OUT of Grati[t]ude to you, I cannot but let you know the unexp[e]cted success I found by your Specifick Remedy: For about [a] Year and half ago, I got the Secret Disease to a very mis[e]rable degree. I went to a very eminent Surgeon, (who out of r[e]spect to his Acquaintance with me I shall forbear to Name) I was und[e]r his Hands three Months, & then I found my self much worse, tho I was most regular in Living, and followed his Instructions to a Tittle. He told me noth[i]ng would do but a Salivation: But I being in a publick business, my Attendance would not be dispensed withal, which drove me almost to Despair, thinking I must die of that loathsome Disease. A Friend of mine told me his Life for mine, your Specifick Remedy would Cure me; upon which I was resolved to try it,  I bought it, and took of it, and before I had taken half the Remedy I found my self so perfectly well, that I took no more, and never fou[n]d any Disorder since. But about a Month ago I got another Clap, and unfortunat[e]ly gave it to my Wife, I did not despair of a Cure seeing your Remedy was extant. But first I tried whether there was any Virtue in the half Pot I had l[e]ft: We both of us took of it, & we found our selves quite Cured [a]nd so sav[e]d the laying out of another Guinea.’ 7

Moreover, the author noted that the effects of his drug were just so wonderful that those who had recovered with its help were simply unable to refrain from telling others about its effects: ‘These Gentlemen finding themselves surprisingly Cured by it, presently recommended it  to their Acquaintance under the same Unhappy Circumstances; and who experiencing the same happy Effect from it, Recommended it also to others.’8 If this were truly the case it suggests that some men were not ashamed to admit they had contracted the pox once they were fully healed. It also suggests that some men revealed to their friends that they had the disease before they were cured – otherwise there would be no need for ‘these Gentlemen’ to be so helpful and suggest a remedy to their unhappy circumstances.
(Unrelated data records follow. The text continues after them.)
(* Let $(G,Y)$ be a finite $C$-group. Then the commutator subgroup $[G,G]$ is finite. Moreover, each $g\in[G,G]$ can be written in the form $g=c^{-1}\prod_{i=1}^m y_{i,1}^{k_ip_i}y_{i,1}^{a_{i,1}}y_{i,2}^{a_{i,2}}\cdots y_{i,n_i}^{a_{i,n_i}}$, where $c$ is the canonical element of $G$ and the integers $k_i,a_{i,j}$ satisfy $\sum_{j=1}^{n_i}a_{i,j}+k_ip_i=n_ip_i$, $0<a_{i,j}\le p_i$ and $0\le k_i<n_i$.
   Context: A finite $C$-group is a pair $(G,Y)$ with $Y$ a finite conjugation-invariant subset of the group $G$, $1\notin Y$, such that $G$ has a presentation with generators the elements of $Y$ and defining relations all of the form $z^{-1}yz=y'$ ($y,y',z\in Y$). Write $Y=C_1\sqcup\dots\sqcup C_m$ for the decomposition into conjugacy classes of $G$, with enumerations $C_i=\{y_{i,1},\dots,y_{i,n_i}\}$; $p_i$ is the least $p\ge1$ such that $y^p$ is central in $G$ for $y\in C_i$ (independent of $y\in C_i$). The canonical element of $G$ is $c=\prod_{i=1}^m\prod_{j=1}^{n_i}y_{i,j}^{p_i}$. *)

From mathcomp Require Import all_boot.
From mathcomp Require Export monoid.

Set Implicit Arguments.
Unset Strict Implicit.
Unset Printing Implicit Defensive.

Global Open Scope group_scope.

Section CGroupDefs.
Variable G : groupType.

Definition central (x : G) : Prop := forall g : G, x * g = g * x.

Definition is_subgroup (S : G -> Prop) : Prop :=
  S 1 /\ (forall x z, S x -> S z -> S (x * z^-1)).

Definition in_generated (A : G -> Prop) (g : G) : Prop :=
  forall S : G -> Prop, is_subgroup S -> (forall x, A x -> S x) -> S g.

Definition in_commutator_subgroup (g : G) : Prop :=
  in_generated (fun c => exists x z : G, c = [~ x, z]) g.

Definition finite_subset (A : G -> Prop) : Prop :=
  exists s : seq G, forall g, A g -> g \in s.

(* (G, Y) with Y = { y i j } has a presentation with generators Y and
   defining relations z^-1 y z = y' (y, y', z in Y): Y generates G, and
   G satisfies the universal property of the group presented by all the
   relations z^-1 y z = y' valid in G. *)
Definition conj_presentation (m : nat) (n : 'I_m -> nat)
    (y : forall i : 'I_m, 'I_(n i) -> G) : Prop :=
  (forall g : G, in_generated (fun x => exists i j, x = y i j) g) /\
  (forall (H : groupType) (f : G -> H),
      (forall i1 j1 i2 j2, f (y i1 j1 ^ y i2 j2) = f (y i1 j1) ^ f (y i2 j2)) ->
      exists phi : G -> H,
        (forall a b : G, phi (a * b) = phi a * phi b) /\
        (forall i j, phi (y i j) = f (y i j))).

Definition canonical_element (m : nat) (n : 'I_m -> nat)
    (y : forall i : 'I_m, 'I_(n i) -> G) (p : 'I_m -> nat) : G :=
  \prod_(i < m) \prod_(j < n i) (y i j ^+ p i).

End CGroupDefs.

(* All y_{i,j} of a class are conjugate and y_{i,j}^{p_i} is central, so
   h_i := y_{i,j}^{p_i} does not depend on j.
   Every g in G can be collected as
   g * prod_i h_i^{v_i} = prod_i prod_j y_{i,j}^{e_{i,j}}:
   a letter multiplied on the right is pushed left past the later letters, which
   only conjugates them inside Y (this terminates because the exponent vector
   increases lexicographically), and y^-1 = y^{p-1} h^-1.  For each class i the
   presentation yields a homomorphism G -> Z counting the letters of class i; it
   kills [G,G], so sum_j e_{i,j} = v_i p_i there.  Reducing every e_{i,j} into
   (0, p_i] modulo p_i and absorbing the multiples of p_i into h_i gives the
   stated form, and since its exponents are bounded, [G,G] is finite. *)

From mathcomp Require Import all_boot.
From mathcomp Require Import monoid.
From mathcomp Require Import ssralg ssrint.
From mathcomp Require Import zify.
It is apparent then that privacy and secrecy were certainly crucial ideas surrounding the treatment of venereal disease. There was clearly some desire to be able to hide the results of shameful behaviour and illicit sexual practices. Yet these pamphlets also suggest an openness about venereal disease, particularly the need to talk to friends and relatives about good cures and methods of treatments. Although it doesn’t appear in this literature that pocks were worn as badge of honour, there were evidently some men, and perhaps women, who were not squeamish about owning up to having caught venereal disease.

____________________

1 Kevin P. Siena, ‘The “Foul Disease” and Privacy: The Effects of Venereal Disease and Patient Demand on the Medical Marketplace in Early Modern London’, Bulletin of the History of Medicine, 75/2. (Summer 2001), 199-224.

2 Ibid, 215.

Katherine Crawford, European Sexualities, 1400-1800, p.136.
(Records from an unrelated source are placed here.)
(* Let $x,y\in\ell^\infty$ with $|L_x|=n$ and $|L_y|=k$ for some integers $n,k\ge 2$. Then there exist $z_1,z_2\in\operatorname{span}\{x,y\}$ with $$|L_{z_1}|=|\mathcal{E}_{x,y}|\quad\text{and}\quad |L_{z_2}|<|\mathcal{E}_{x,y}|,$$ and moreover $$|\mathcal{E}_{x,y}|=\max\{|L_z|: z\in\operatorname{span}\{x,y\}\}.$$
   Context: $\ell^\infty$ is the Banach space of bounded real sequences $x=(x_n)_{n\ge1}$ with the sup norm. For $x\in\ell^\infty$, $L_x$ denotes the (non-empty compact) set of accumulation points of $x$, i.e. the set of $a\in\mathbb{R}$ such that $x_{n_k}\to a$ for some strictly increasing sequence $(n_k)$. For $S\subset\mathbb{N}$, $1_S$ is the indicator sequence of $S$; $x\sim_{c_0}y$ means $x-y$ converges to $0$. If $|L_x|=n<\infty$, one can write $x\sim_{c_0}\xi_11_{S_1}+\dots+\xi_n1_{S_n}$ where $S_1,\dots,S_n$ is a partition of $\mathbb{N}$ into infinite sets and $\xi_1,\dots,\xi_n$ are the distinct accumulation points; similarly $y\sim_{c_0}\eta_11_{T_1}+\dots+\eta_k1_{T_k}$. Then $\mathcal{E}_{x,y}=\{(i,j)\in\{1,\dots,n\}\times\{1,\dots,k\}: S_i\cap T_j\text{ is infinite}\}$ (this does not depend on the choice of the partitions, which are determined up to finite modifications). *)

(* real sequences are functions nat -> R (index 0 plays the
   role of index 1 in the paper). *)
From Stdlib Require Import Reals List.
Import ListNotations.
Open Scope R_scope.

Definition in_linf (x : nat -> R) : Prop :=
  exists M : R, forall m : nat, Rabs (x m) <= M.

Definition acc_pt (x : nat -> R) (a : R) : Prop :=
  exists phi : nat -> nat,
    (forall i, (phi i < phi (S i))%nat) /\ Un_cv (fun i => x (phi i)) a.

Definition card_is {A : Type} (P : A -> Prop) (c : nat) : Prop :=
  exists l : list A, NoDup l /\ length l = c /\ (forall a, In a l <-> P a).

Definition infinite_nat (P : nat -> Prop) : Prop :=
  forall N : nat, exists m : nat, (N <= m)%nat /\ P m.

(* A decomposition x ~_{c0} xi_0 1_{S_0} + ... + xi_{n-1} 1_{S_{n-1}}:
   the partition S_0,...,S_{n-1} of nat into infinite sets is encoded by the
   block-index map blk (m lies in S_{blk m}); the xi_i are the distinct
   accumulation points of x. *)
Definition is_decomp (x : nat -> R) (n : nat) (xi : nat -> R) (blk : nat -> nat)
  : Prop :=
  (forall i j, (i < n)%nat -> (j < n)%nat -> xi i = xi j -> i = j) /\
  (forall i, (i < n)%nat -> acc_pt x (xi i)) /\
  (forall m, (blk m < n)%nat) /\
  (forall i, (i < n)%nat -> infinite_nat (fun m => blk m = i)) /\
  Un_cv (fun m => x m - xi (blk m)) 0.

Definition E_pairs (n k : nat) (S T : nat -> nat) (p : nat * nat) : Prop :=
  (fst p < n)%nat /\ (snd p < k)%nat /\
  infinite_nat (fun m => S m = fst p /\ T m = snd p).

Definition lin2 (a b : R) (x y : nat -> R) : nat -> R :=
  fun m => a * x m + b * y m.

From Stdlib Require Import Reals List Lia Lra Classical ClassicalEpsilon FunctionalExtensionality.
Open Scope R_scope.

(* Write x ~ sum_i xi_i 1_{S_i} and y ~ sum_j eta_j 1_{T_j} modulo
   null sequences, and let E be the finite list of pairs (i,j) with S_i /\ T_j
   infinite.  The key fact (acc_pt_lin2_iff) is that for all reals a, b the
   accumulation points of a x + b y are exactly the values a xi_i + b eta_j with
   (i,j) in E: along S_i /\ T_j the sequence tends to that value, and since
   eventually every index lies in some infinite S_i /\ T_j, any limit of a
   subsequence is a limit of values from a finite list, hence one of them.
   Consequently |L_{ax+by}| <= |E| always.  Equality is attained for x + t y
   with t avoiding the finitely many "collision slopes" (xi_i - xi_i')/(eta_j' -
   eta_j); strict inequality holds for 0 x + 0 y, which has one accumulation
   point while |E| >= n >= 2, because every xi_i is an accumulation point of x. *)

Lemma Un_cv_const (c : R) : Un_cv (fun _ => c) c.
Proof.
  intros eps Heps; exists 0%nat; intros m _.
  unfold R_dist; rewrite Rminus_diag, Rabs_R0; lra.
Qed.

Lemma Un_cv_lincomb0 (u v : nat -> R) (a b : R) :
  Un_cv u 0 -> Un_cv v 0 -> Un_cv (fun m => a * u m + b * v m) 0.
Proof.
  intros Hu Hv.
  replace 0 with (a * 0 + b * 0) by ring.
  apply CV_plus; apply CV_mult; auto; apply Un_cv_const.
Qed.

Lemma strict_incr_ge_id (phi : nat -> nat) :
  (forall i, (phi i < phi (S i))%nat) -> forall i, (i <= phi i)%nat.
Proof.
  intros Hphi i; induction i as [|i IH]; [lia|].
  specialize (Hphi i); lia.
Qed.

Lemma Un_cv_subseq (u : nat -> R) (l : R) (phi : nat -> nat) :
  Un_cv u l -> (forall i, (phi i < phi (S i))%nat) -> Un_cv (fun i => u (phi i)) l.
Proof.
  intros Hu Hphi eps Heps; destruct (Hu eps Heps) as [N HN]; exists N.
  intros i Hi; apply HN; pose proof (strict_incr_ge_id phi Hphi i); lia.
Qed.

Lemma list_separated (l : list R) (v : R) : ~ In v l ->
  exists d, 0 < d /\ forall w, In w l -> d <= Rabs (v - w).
Proof.
  induction l as [|a l IH]; intros Hv.
  - exists 1; split; [lra | intros w []].
  - destruct IH as [d [Hd Hsep]]; [intros Hin; apply Hv; right; exact Hin|].
    assert (Hva : 0 < Rabs (v - a)).
    { apply Rabs_pos_lt; intros Heq; apply Hv; left; lra. }
    exists (Rmin d (Rabs (v - a))); split; [apply Rmin_glb_lt; auto|].
    intros w [<-|Hw]; [apply Rmin_r|].
    eapply Rle_trans; [apply Rmin_l|auto].
Qed.

Lemma limit_in_list (l : list R) (u : nat -> R) (v : R) :
  Un_cv u v -> (exists N, forall m, (N <= m)%nat -> In (u m) l) -> In v l.
Proof.
  intros Hu [N HN]; apply NNPP; intros Hv.
  destruct (list_separated l v Hv) as [d [Hd Hsep]].
  destruct (Hu d Hd) as [M HM].
  specialize (HM (Nat.max N M) ltac:(lia)).
  specialize (Hsep _ (HN (Nat.max N M) ltac:(lia))).
  unfold R_dist in HM; rewrite Rabs_minus_sym in HM; lra.
Qed.

(* Every finite list of reals misses some real (e.g. 1 + sum of |w|). *)
Lemma list_avoid (l : list R) : exists t, ~ In t l.
Proof.
  set (s := fold_right (fun a acc => Rabs a + acc) 0 l).
  assert (Hbound : forall w, In w l -> w <= s /\ 0 <= s).
  { unfold s; clear s; induction l as [|a l IH]; simpl; [intros w []|].
    assert (Hnn : 0 <= fold_right (fun a acc => Rabs a + acc) 0 l).
    { clear; induction l; simpl; [lra|pose proof (Rabs_pos a); lra]. }
    intros w [<-|Hw]; [pose proof (Rle_abs a); pose proof (Rabs_pos a); lra|].
    destruct (IH w Hw); pose proof (Rabs_pos a); lra. }
  exists (s + 1); intros Hin; destruct (Hbound _ Hin); lra.
Qed.

Lemma infinite_nat_enum (P : nat -> Prop) : infinite_nat P ->
  exists phi : nat -> nat, (forall i, (phi i < phi (S i))%nat) /\ (forall i, P (phi i)).
Proof.
  intros HP.
  assert (next : forall N, {m | (N <= m)%nat /\ P m}).
  { intros N; apply constructive_indefinite_description; apply HP. }
  set (phi := fix phi i :=
         match i with O => proj1_sig (next O) | S i' => proj1_sig (next (S (phi i'))) end).
  exists phi; split.
  - intros i; simpl; destruct (proj2_sig (next (S (phi i)))); lia.
  - intros [|i]; simpl;
      [destruct (proj2_sig (next O)) | destruct (proj2_sig (next (S (phi i))))]; auto.
Qed.

Lemma eventually_forall_lt (Q : nat -> nat -> Prop) (n : nat) :
  (forall i, (i < n)%nat -> exists N, forall m, (N <= m)%nat -> Q i m) ->
  exists N, forall i m, (i < n)%nat -> (N <= m)%nat -> Q i m.
Proof.
  induction n as [|n IH]; intros H; [exists 0%nat; intros; lia|].
  destruct IH as [N1 H1]; [intros i Hi; apply H; lia|].
  destruct (H n ltac:(lia)) as [N2 H2].
  exists (Nat.max N1 N2); intros i m Hi Hm.
  destruct (Nat.eq_dec i n) as [->|Hne]; [apply H2 | apply H1]; lia.
Qed.

Lemma eventually_forall_lt2 (Q : nat -> nat -> nat -> Prop) (n k : nat) :
  (forall i j, (i < n)%nat -> (j < k)%nat -> exists N, forall m, (N <= m)%nat -> Q i j m) ->
  exists N, forall i j m, (i < n)%nat -> (j < k)%nat -> (N <= m)%nat -> Q i j m.
Proof.
  intros H.
  destruct (eventually_forall_lt (fun i m => forall j, (j < k)%nat -> Q i j m) n)
    as [N HN]; [|exists N; intros; apply HN; auto].
  intros i Hi.
  destruct (eventually_forall_lt (Q i) k) as [N HN]; [intros j Hj; apply H; auto|].
  exists N; intros m Hm j Hj; apply HN; auto.
Qed.

Lemma card_is_nodup (P : R -> Prop) (l : list R) :
  (forall v, P v <-> In v l) -> card_is P (length (nodup Req_dec_T l)).
Proof.
  intros HP; exists (nodup Req_dec_T l); split; [apply NoDup_nodup|split; [reflexivity|]].
  intros v; rewrite nodup_In; symmetry; apply HP.
Qed.

Lemma length_nodup_le (l : list R) : (length (nodup Req_dec_T l) <= length l)%nat.
Proof.
  apply NoDup_incl_length; [apply NoDup_nodup|].
  intros w; rewrite nodup_In; auto.
Qed.

Lemma length_nodup_const (l : list R) (c : R) :
  (forall w, In w l -> w = c) -> (length (nodup Req_dec_T l) <= 1)%nat.
Proof.
  intros Hc; apply (NoDup_incl_length (NoDup_nodup Req_dec_T l) (l' := c :: nil)).
  intros w Hw; apply nodup_In, Hc in Hw; left; auto.
Qed.

Lemma length_ge_2 {A : Type} (l : list A) (p q : A) :
  In p l -> In q l -> p <> q -> (2 <= length l)%nat.
Proof.
  destruct l as [|a [|b l]]; simpl; intros Hp Hq Hpq; [destruct Hp| |lia].
  destruct Hp as [<-|[]]; destruct Hq as [<-|[]]; congruence.
Qed.

Section Decomposition.

Variables (x y : nat -> R) (n k : nat) (xi eta : nat -> R) (S T : nat -> nat).
Hypothesis Dx : is_decomp x n xi S.
Hypothesis Dy : is_decomp y k eta T.

(* The value that a x + b y approaches along S_i /\ T_j, for p = (i,j). *)
Definition pair_value (a b : R) (p : nat * nat) : R := a * xi (fst p) + b * eta (snd p).

Lemma lin2_minus_pair_value_cv0 (a b : R) :
  Un_cv (fun m => lin2 a b x y m - pair_value a b (S m, T m)) 0.
Proof.
  destruct Dx as (_ & _ & _ & _ & Hx); destruct Dy as (_ & _ & _ & _ & Hy).
  apply (Un_cv_ext (fun m => a * (x m - xi (S m)) + b * (y m - eta (T m)))).
  - intros m; unfold lin2, pair_value; simpl; ring.
  - apply Un_cv_lincomb0; assumption.
Qed.

(* Eventually every index m lies in an infinite block S_i /\ T_j, since only
   finitely many blocks exist and the finite ones are eventually left. *)
Lemma eventually_E_pair :
  exists N, forall m, (N <= m)%nat -> E_pairs n k S T (S m, T m).
Proof.
  destruct Dx as (_ & _ & HSn & _ & _); destruct Dy as (_ & _ & HTk & _ & _).
  destruct (eventually_forall_lt2
              (fun i j m => S m = i /\ T m = j -> E_pairs n k S T (i, j)) n k)
    as [N HN].
  - intros i j Hi Hj.
    destruct (classic (infinite_nat (fun m => S m = i /\ T m = j))) as [Hinf|Hfin].
    + exists 0%nat; intros m _ _; repeat split; auto.
    + apply not_all_ex_not in Hfin as [N HN]; exists N.
      intros m Hm Hblock; exfalso; apply HN; exists m; auto.
  - exists N; intros m Hm; exact (HN (S m) (T m) m (HSn m) (HTk m) Hm (conj eq_refl eq_refl)).
Qed.

Lemma E_pair_value_acc_pt (a b : R) (p : nat * nat) :
  E_pairs n k S T p -> acc_pt (lin2 a b x y) (pair_value a b p).
Proof.
  intros (_ & _ & Hinf).
  destruct (infinite_nat_enum _ Hinf) as [phi [Hphi Hblock]].
  exists phi; split; [exact Hphi|].
  pose proof (Un_cv_subseq _ _ phi (lin2_minus_pair_value_cv0 a b) Hphi) as Hdiff.
  apply (Un_cv_ext (fun i => (lin2 a b x y (phi i) - pair_value a b (S (phi i), T (phi i)))
                             + pair_value a b p)).
  - intros i; destruct (Hblock i) as [-> ->]; destruct p; simpl; ring.
  - pose proof (CV_plus _ _ _ _ Hdiff (Un_cv_const (pair_value a b p))) as Hsum.
    rewrite Rplus_0_l in Hsum; exact Hsum.
Qed.

Variable lE : list (nat * nat).
Hypothesis HE : forall p, In p lE <-> E_pairs n k S T p.

Definition pair_values (a b : R) : list R := map (pair_value a b) lE.

(* Every accumulation point of a x + b y is one of the values pair_value a b p,
   p in E: it is the limit of the step sequence along the subsequence. *)
Lemma acc_pt_in_pair_values (a b v : R) :
  acc_pt (lin2 a b x y) v -> In v (pair_values a b).
Proof.
  intros [phi [Hphi Hcv]].
  apply (limit_in_list _ (fun i => pair_value a b (S (phi i), T (phi i)))).
  - pose proof (Un_cv_subseq _ _ phi (lin2_minus_pair_value_cv0 a b) Hphi) as Hdiff.
    apply (Un_cv_ext (fun i => lin2 a b x y (phi i)
                        - (lin2 a b x y (phi i) - pair_value a b (S (phi i), T (phi i))))).
    + intros i; ring.
    + replace v with (v - 0) by ring; apply CV_minus; assumption.
  - destruct eventually_E_pair as [N HN]; exists N; intros i Hi.
    apply in_map, HE, HN.
    pose proof (strict_incr_ge_id phi Hphi i); lia.
Qed.

Lemma acc_pt_lin2_iff (a b v : R) :
  acc_pt (lin2 a b x y) v <-> In v (pair_values a b).
Proof.
  split; [apply acc_pt_in_pair_values|].
  intros Hv; apply in_map_iff in Hv as [p [<- Hp]].
  apply E_pair_value_acc_pt, HE, Hp.
Qed.

Lemma card_acc_pt_lin2 (a b : R) :
  card_is (acc_pt (lin2 a b x y)) (length (nodup Req_dec_T (pair_values a b))).
Proof. apply card_is_nodup; intros v; apply acc_pt_lin2_iff. Qed.

(* Every block S_i occurs in E: xi_i is an accumulation point of x = 1 x + 0 y. *)
Lemma E_covers_rows (i : nat) : (i < n)%nat -> exists p, In p lE /\ fst p = i.
Proof.
  intros Hi; destruct Dx as (Hxi_inj & Hxi_acc & _).
  assert (Hacc : acc_pt (lin2 1 0 x y) (xi i)).
  { replace (lin2 1 0 x y) with x; [apply Hxi_acc; exact Hi|].
    apply functional_extensionality; intros m; unfold lin2; ring. }
  apply acc_pt_in_pair_values, in_map_iff in Hacc as [p [Hval Hp]].
  exists p; split; [exact Hp|].
  apply Hxi_inj; [apply HE in Hp as [Hfst _]; exact Hfst | exact Hi|].
  unfold pair_value in Hval; lra.
Qed.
4 Anonymous, The Practical Scheme of Secret Injuries. And Broken Constitutions. By Fast Living, Former ill Cures, Salivations and Mercury. With an Appendix of Gleets, And other such Weaknesses in either sex, usually attending Persons after Former Cures, Overstainin, Self-Abuses, Hard Labours, Miscarriages, &c. … (London, 1719), p.14

5 Anonymous, The Secret Patient’s Diary: Also the Gout and Weakness Diaries. Being Each A Practical Journal or Scheme from Day to Day , of these Disorders, whilst a Person has the Secret Disease, or the Gout, or Rheumatism, or a Gleet upon them … (London, 1725)

Anonymous, The Practical Scheme of Secret Injuries, p.19.

7 Ibid, p. 26.

8 Anonymous, The Secret Patient’s Diary, p.9.